Transcribe the closing lines of the listing exactly, starting at the one that contains "classvec 3 a" and including the last.

+++ SUPPLIED RECORDS +++

Lemma H_row_sum (n : nat) (i : 'I_n) (a b c d : R) : (3 * r + 2 < n)%N ->
  \sum_j H_mx R n r i j * classvec 2 a b c d j =
  classvec 2 ((3 * r)%:R * b + (n - (3 * r + 3))%:R * d) (a + 2 * b)
    ((n - (3 * r + 3))%:R * d) (a + 2 * c) i.
Proof.
move=> rn; under eq_bigr do rewrite mxE.
rewrite (sum_classvec (fun j => (edgeH r i j)%:R)) // /=.
have tri_size : (3 * r + 1 - 1 = 3 * r)%N by lia.
have mid_size : (3 * r + 2 + 1 - (3 * r + 1) = 2)%N by lia.
have out_size : (n - (3 * r + 2 + 1) = n - (3 * r + 3))%N by lia.
have [-> | [iT | [iM | iO]]] : (i = 0 :> nat \/ 1 <= i <= 3 * r \/
  3 * r < i <= 3 * r + 2 \/ 3 * r + 2 < i)%N by lia.
- count_neighbours; rewrite !muln0 !muln1 tri_size out_size classvec0; ring.
- rewrite (sum_triangle_indicator (e := edgeH r i) iT); last by move=> ? ?; decide_edge.
  count_neighbours; rewrite !muln0 !muln1 subn0 classvec_tri //; ring.
- count_neighbours; rewrite !muln0 !muln1 out_size classvec_mid //; ring.
- count_neighbours; rewrite !muln0 !muln1 subn0 mid_size classvec_out //; ring.
Qed.

Lemma H'_row_sum (n : nat) (i : 'I_n) (a b c d : R) : (3 * r + 3 < n)%N ->
  \sum_j H'_mx R n r i j * classvec 3 a b c d j =
  classvec 3 ((3 * r)%:R * b + 3 * c) (a + 2 * b)
    (a + (n - (3 * r + 4))%:R * d) (3 * c) i.
Proof.
move=> rn; under eq_bigr do rewrite mxE.
rewrite (sum_classvec (fun j => (edgeH' r i j)%:R)) //=.
have tri_size : (3 * r + 1 - 1 = 3 * r)%N by lia.
have mid_size : (3 * r + 3 + 1 - (3 * r + 1) = 3)%N by lia.
have out_size : (n - (3 * r + 3 + 1) = n - (3 * r + 4))%N by lia.
have [-> | [iT | [iM | iO]]] : (i = 0 :> nat \/ 1 <= i <= 3 * r \/
  3 * r < i <= 3 * r + 3 \/ 3 * r + 3 < i)%N by lia.
- count_neighbours; rewrite !muln0 !muln1 tri_size mid_size classvec0; ring.
- rewrite (sum_triangle_indicator (e := edgeH' r i) iT); last by move=> ? ?; decide_edge.
  count_neighbours; rewrite !muln0 !muln1 subn0 classvec_tri //; ring.
- count_neighbours; rewrite !muln0 !muln1 subn0 out_size classvec_mid //; ring.
- count_neighbours; rewrite !muln0 !muln1 mid_size classvec_out //; ring.
Qed.
End ClassVectors.

Section Spectra.
Variables (R : realType) (r n : nat).
Local Notation m := ((n - (3 * r + 3))%:R : R).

+++

**RESULT OF THE EXERCISE:**
  \sum_j H'_mx R n r i j * classvec 3 a b c d j =
  classvec 3 ((3 * r)%:R * b + 3 * c) (a + 2 * b)
    (a + (n - (3 * r + 4))%:R * d) (3 * c) i.
Proof.
move=> rn; under eq_bigr do rewrite mxE.
rewrite (sum_classvec (fun j => (edgeH' r i j)%:R)) //=.
have tri_size : (3 * r + 1 - 1 = 3 * r)%N by lia.
have mid_size : (3 * r + 3 + 1 - (3 * r + 1) = 3)%N by lia.
have out_size : (n - (3 * r + 3 + 1) = n - (3 * r + 4))%N by lia.
have [-> | [iT | [iM | iO]]] : (i = 0 :> nat \/ 1 <= i <= 3 * r \/
  3 * r < i <= 3 * r + 3 \/ 3 * r + 3 < i)%N by lia.
- count_neighbours; rewrite !muln0 !muln1 tri_size mid_size classvec0; ring.
- rewrite (sum_triangle_indicator (e := edgeH' r i) iT); last by move=> ? ?; decide_edge.
  count_neighbours; rewrite !muln0 !muln1 subn0 classvec_tri //; ring.
- count_neighbours; rewrite !muln0 !muln1 subn0 out_size classvec_mid //; ring.
- count_neighbours; rewrite !muln0 !muln1 mid_size classvec_out //; ring.
Qed.
End ClassVectors.

Section Spectra.
Variables (R : realType) (r n : nat).
Local Notation m := ((n - (3 * r + 3))%:R : R).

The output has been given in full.